## What is expected
Copy verbatim the block of lines in the entries below whose first line contains "strategy accepts, and" and whose last line contains "Definition wins (s". Leave out all other lines.

*** Opening Data for this task ***

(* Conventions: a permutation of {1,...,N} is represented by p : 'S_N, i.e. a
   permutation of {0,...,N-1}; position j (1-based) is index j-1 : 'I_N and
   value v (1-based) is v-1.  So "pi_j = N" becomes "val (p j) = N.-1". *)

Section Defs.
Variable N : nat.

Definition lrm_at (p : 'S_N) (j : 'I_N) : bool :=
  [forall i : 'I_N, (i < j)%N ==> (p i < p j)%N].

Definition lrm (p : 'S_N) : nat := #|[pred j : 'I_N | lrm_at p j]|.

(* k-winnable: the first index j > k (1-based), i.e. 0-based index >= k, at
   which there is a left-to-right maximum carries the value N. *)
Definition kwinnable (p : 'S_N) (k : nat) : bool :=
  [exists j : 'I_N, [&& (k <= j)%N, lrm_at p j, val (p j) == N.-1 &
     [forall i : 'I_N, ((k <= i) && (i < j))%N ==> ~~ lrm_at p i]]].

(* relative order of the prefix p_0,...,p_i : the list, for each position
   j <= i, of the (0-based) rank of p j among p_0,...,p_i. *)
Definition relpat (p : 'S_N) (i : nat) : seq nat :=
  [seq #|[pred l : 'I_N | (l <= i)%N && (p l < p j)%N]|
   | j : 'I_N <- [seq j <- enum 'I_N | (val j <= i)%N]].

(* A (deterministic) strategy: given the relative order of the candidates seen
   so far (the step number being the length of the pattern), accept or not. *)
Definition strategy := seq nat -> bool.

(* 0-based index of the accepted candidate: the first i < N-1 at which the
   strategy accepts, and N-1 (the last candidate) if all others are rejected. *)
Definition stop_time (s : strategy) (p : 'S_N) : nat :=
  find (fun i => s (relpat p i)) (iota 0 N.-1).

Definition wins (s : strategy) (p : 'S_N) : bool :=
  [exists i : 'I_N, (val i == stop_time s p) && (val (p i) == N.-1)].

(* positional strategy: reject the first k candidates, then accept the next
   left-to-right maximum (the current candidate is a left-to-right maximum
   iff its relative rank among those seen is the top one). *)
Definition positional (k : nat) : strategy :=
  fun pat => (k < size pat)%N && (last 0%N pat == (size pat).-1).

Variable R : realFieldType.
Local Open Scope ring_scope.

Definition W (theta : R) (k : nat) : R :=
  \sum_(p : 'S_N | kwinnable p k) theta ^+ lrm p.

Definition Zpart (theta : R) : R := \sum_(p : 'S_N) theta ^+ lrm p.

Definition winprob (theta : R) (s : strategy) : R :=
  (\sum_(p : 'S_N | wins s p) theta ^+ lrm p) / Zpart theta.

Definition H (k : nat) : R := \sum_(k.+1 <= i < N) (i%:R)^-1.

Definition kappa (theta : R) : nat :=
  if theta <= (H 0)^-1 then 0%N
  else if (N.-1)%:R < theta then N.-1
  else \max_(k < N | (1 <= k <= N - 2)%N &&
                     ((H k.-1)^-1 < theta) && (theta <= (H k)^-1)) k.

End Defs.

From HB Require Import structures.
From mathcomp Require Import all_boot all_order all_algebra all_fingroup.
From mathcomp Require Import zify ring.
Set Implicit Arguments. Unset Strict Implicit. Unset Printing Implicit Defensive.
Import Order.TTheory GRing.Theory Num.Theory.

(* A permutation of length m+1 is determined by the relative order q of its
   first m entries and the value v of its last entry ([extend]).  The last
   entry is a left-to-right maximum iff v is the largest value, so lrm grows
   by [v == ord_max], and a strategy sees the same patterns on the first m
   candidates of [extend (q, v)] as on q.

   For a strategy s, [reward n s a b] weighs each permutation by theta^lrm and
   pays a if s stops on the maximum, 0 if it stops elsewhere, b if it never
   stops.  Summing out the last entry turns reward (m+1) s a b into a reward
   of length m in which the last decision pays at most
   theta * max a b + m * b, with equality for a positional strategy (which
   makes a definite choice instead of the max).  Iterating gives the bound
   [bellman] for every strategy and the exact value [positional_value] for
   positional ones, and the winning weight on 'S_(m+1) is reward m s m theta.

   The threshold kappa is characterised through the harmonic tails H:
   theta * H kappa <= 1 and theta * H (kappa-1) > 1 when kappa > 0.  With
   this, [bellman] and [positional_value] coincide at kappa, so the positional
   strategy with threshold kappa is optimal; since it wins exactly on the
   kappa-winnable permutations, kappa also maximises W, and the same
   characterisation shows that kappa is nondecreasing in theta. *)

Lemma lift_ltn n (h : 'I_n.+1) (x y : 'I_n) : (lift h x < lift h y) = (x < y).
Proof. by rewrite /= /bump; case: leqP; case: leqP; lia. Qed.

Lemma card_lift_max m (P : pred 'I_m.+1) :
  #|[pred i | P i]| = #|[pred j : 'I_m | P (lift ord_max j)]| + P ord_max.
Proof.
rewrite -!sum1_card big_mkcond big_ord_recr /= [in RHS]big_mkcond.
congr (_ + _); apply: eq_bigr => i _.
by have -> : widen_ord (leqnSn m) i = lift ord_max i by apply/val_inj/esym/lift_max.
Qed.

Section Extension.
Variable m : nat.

*** Closing Data for this task ***

## Task result
   strategy accepts, and N-1 (the last candidate) if all others are rejected. *)
Definition stop_time (s : strategy) (p : 'S_N) : nat :=
  find (fun i => s (relpat p i)) (iota 0 N.-1).

Definition wins (s : strategy) (p : 'S_N) : bool :=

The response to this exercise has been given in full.